Data supplied below:

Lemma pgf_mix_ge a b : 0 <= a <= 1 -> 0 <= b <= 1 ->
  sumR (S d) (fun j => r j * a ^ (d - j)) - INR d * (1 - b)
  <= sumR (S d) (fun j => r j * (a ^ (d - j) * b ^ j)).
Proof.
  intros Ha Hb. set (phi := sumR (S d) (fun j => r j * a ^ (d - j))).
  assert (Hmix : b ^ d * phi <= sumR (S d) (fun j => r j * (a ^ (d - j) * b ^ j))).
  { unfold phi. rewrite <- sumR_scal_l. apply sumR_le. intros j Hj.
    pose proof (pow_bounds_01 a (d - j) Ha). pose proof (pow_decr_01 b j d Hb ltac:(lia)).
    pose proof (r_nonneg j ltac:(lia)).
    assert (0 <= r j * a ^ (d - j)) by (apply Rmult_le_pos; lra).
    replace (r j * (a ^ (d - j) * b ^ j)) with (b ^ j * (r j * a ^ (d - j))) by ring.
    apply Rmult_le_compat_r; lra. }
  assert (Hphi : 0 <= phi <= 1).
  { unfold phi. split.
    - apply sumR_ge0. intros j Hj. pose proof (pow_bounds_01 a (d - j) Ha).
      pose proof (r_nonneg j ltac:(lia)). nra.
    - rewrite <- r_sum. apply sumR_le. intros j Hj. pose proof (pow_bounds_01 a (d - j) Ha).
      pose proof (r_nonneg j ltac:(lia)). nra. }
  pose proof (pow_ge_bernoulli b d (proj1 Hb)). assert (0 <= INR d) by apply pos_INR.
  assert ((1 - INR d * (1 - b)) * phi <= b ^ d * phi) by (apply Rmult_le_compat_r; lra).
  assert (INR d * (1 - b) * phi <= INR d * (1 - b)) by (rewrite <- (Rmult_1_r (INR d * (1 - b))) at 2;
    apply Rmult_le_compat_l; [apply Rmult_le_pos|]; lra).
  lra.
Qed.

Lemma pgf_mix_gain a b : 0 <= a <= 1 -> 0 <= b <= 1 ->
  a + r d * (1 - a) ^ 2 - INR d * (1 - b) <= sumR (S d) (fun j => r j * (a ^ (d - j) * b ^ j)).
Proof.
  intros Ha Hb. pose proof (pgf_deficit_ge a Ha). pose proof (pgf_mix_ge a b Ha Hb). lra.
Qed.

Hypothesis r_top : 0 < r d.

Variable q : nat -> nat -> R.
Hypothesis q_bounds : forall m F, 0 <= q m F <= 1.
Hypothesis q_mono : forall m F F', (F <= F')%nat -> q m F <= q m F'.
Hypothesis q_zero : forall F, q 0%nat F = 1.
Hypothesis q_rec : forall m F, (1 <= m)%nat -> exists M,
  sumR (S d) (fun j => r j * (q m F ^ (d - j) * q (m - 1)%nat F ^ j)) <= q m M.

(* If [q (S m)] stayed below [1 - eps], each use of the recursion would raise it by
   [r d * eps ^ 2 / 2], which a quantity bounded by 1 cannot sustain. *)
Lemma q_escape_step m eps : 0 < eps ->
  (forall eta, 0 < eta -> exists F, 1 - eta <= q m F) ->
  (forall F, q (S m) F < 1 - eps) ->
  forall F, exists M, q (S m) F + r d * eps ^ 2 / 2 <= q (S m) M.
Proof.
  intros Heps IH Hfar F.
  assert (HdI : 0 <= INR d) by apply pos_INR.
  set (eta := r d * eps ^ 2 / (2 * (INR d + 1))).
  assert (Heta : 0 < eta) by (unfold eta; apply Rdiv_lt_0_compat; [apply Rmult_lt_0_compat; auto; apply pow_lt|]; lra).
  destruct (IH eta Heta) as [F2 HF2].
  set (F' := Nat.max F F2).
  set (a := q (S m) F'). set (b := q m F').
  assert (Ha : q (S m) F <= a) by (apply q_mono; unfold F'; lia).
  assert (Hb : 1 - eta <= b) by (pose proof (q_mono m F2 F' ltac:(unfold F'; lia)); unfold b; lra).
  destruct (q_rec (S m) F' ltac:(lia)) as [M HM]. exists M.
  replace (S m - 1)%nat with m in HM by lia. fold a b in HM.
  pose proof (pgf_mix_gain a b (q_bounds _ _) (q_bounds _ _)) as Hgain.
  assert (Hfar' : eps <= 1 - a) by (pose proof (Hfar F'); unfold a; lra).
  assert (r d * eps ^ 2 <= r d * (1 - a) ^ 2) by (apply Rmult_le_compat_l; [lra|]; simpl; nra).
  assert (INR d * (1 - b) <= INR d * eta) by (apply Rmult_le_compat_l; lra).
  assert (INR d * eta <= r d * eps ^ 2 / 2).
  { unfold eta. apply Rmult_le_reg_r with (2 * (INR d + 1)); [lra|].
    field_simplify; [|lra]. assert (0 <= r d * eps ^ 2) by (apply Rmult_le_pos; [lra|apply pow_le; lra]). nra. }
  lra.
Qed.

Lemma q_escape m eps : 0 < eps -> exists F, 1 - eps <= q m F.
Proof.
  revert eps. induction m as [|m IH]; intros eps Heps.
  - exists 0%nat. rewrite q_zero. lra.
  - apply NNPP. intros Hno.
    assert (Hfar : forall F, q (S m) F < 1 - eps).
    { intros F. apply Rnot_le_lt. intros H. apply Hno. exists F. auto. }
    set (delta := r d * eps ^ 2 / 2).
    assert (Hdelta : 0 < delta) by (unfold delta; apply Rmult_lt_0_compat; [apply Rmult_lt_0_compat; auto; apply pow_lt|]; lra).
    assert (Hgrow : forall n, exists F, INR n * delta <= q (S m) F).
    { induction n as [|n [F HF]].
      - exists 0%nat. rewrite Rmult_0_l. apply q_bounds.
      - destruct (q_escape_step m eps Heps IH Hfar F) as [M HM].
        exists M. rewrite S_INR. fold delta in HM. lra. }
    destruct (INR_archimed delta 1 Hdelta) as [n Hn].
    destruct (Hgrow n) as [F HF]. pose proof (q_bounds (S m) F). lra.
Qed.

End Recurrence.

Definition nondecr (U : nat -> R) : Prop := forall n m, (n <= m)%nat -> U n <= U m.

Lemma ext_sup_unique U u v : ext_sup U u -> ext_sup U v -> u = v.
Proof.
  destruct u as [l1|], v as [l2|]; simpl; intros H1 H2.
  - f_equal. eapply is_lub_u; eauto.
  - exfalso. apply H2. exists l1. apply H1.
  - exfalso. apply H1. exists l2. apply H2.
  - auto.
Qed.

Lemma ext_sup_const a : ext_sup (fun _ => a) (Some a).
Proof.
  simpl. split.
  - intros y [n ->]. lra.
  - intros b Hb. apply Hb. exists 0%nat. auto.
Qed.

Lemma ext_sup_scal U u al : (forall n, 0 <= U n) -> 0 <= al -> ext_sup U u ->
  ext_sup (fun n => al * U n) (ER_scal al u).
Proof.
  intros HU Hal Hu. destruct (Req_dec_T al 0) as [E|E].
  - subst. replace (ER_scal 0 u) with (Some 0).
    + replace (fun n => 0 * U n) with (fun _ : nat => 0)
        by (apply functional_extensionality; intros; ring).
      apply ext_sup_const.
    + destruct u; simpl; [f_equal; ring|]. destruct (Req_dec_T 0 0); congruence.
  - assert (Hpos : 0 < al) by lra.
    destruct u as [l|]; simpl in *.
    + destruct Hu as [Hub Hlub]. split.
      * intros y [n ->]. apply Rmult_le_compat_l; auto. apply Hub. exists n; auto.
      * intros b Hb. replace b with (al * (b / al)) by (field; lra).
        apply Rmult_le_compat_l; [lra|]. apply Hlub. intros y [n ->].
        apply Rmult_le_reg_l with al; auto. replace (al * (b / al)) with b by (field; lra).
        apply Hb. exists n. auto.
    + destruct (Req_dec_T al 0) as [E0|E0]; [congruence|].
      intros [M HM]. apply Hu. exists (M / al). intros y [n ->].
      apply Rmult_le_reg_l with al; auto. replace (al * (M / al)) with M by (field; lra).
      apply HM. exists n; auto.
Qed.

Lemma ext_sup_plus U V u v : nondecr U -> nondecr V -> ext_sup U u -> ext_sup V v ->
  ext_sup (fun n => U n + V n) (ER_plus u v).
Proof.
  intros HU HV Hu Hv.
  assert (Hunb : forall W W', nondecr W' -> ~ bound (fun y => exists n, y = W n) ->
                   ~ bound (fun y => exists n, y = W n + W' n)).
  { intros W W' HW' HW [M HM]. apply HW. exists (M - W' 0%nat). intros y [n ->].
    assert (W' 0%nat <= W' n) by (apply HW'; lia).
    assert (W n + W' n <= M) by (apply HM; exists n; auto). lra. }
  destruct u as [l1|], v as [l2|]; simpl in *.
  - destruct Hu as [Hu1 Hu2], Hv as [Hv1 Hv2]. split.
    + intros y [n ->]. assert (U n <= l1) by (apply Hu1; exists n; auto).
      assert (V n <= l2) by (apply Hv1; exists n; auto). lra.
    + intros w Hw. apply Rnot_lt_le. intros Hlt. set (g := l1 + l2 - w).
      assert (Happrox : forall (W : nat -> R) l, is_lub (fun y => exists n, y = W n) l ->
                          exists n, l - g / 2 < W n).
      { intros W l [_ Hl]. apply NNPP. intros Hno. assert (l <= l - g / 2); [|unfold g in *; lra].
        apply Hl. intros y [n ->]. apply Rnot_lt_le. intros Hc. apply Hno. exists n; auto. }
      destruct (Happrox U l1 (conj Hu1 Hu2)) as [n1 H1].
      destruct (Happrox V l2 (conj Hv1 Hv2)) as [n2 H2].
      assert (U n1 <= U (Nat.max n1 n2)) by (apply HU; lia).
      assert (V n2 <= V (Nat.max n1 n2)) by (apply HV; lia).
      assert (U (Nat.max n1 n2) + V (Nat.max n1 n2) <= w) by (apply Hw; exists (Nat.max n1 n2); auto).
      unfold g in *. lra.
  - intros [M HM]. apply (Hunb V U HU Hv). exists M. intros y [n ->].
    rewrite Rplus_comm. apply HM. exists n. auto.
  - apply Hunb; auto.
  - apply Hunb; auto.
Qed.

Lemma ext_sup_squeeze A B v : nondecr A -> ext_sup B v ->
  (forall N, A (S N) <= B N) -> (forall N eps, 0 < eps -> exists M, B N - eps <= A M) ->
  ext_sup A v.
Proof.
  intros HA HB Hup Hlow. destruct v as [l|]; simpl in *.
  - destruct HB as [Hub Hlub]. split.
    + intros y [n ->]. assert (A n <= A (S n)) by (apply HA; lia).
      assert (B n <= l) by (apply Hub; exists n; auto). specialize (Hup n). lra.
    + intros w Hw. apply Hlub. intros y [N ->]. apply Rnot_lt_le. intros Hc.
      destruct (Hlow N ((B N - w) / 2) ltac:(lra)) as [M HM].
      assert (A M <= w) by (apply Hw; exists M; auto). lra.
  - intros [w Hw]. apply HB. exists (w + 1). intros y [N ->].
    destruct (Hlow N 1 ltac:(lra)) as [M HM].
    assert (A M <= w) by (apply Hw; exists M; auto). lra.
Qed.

End of Data supplied.

▶ **Try it**:
Reproduce the lines of the entries above from the one with "sumR_scal_l. apply sumR_le. intros j Hj." to the one with "- rewrite <- r_sum.", both included, exactly and without any other line.

▶ **Answer to the problem**:
  { unfold phi. rewrite <- sumR_scal_l. apply sumR_le. intros j Hj.
    pose proof (pow_bounds_01 a (d - j) Ha). pose proof (pow_decr_01 b j d Hb ltac:(lia)).
    pose proof (r_nonneg j ltac:(lia)).
    assert (0 <= r j * a ^ (d - j)) by (apply Rmult_le_pos; lra).
    replace (r j * (a ^ (d - j) * b ^ j)) with (b ^ j * (r j * a ^ (d - j))) by ring.
    apply Rmult_le_compat_r; lra. }
  assert (Hphi : 0 <= phi <= 1).
  { unfold phi. split.
    - apply sumR_ge0. intros j Hj. pose proof (pow_bounds_01 a (d - j) Ha).
      pose proof (r_nonneg j ltac:(lia)). nra.
    - rewrite <- r_sum. apply sumR_le. intros j Hj. pose proof (pow_bounds_01 a (d - j) Ha).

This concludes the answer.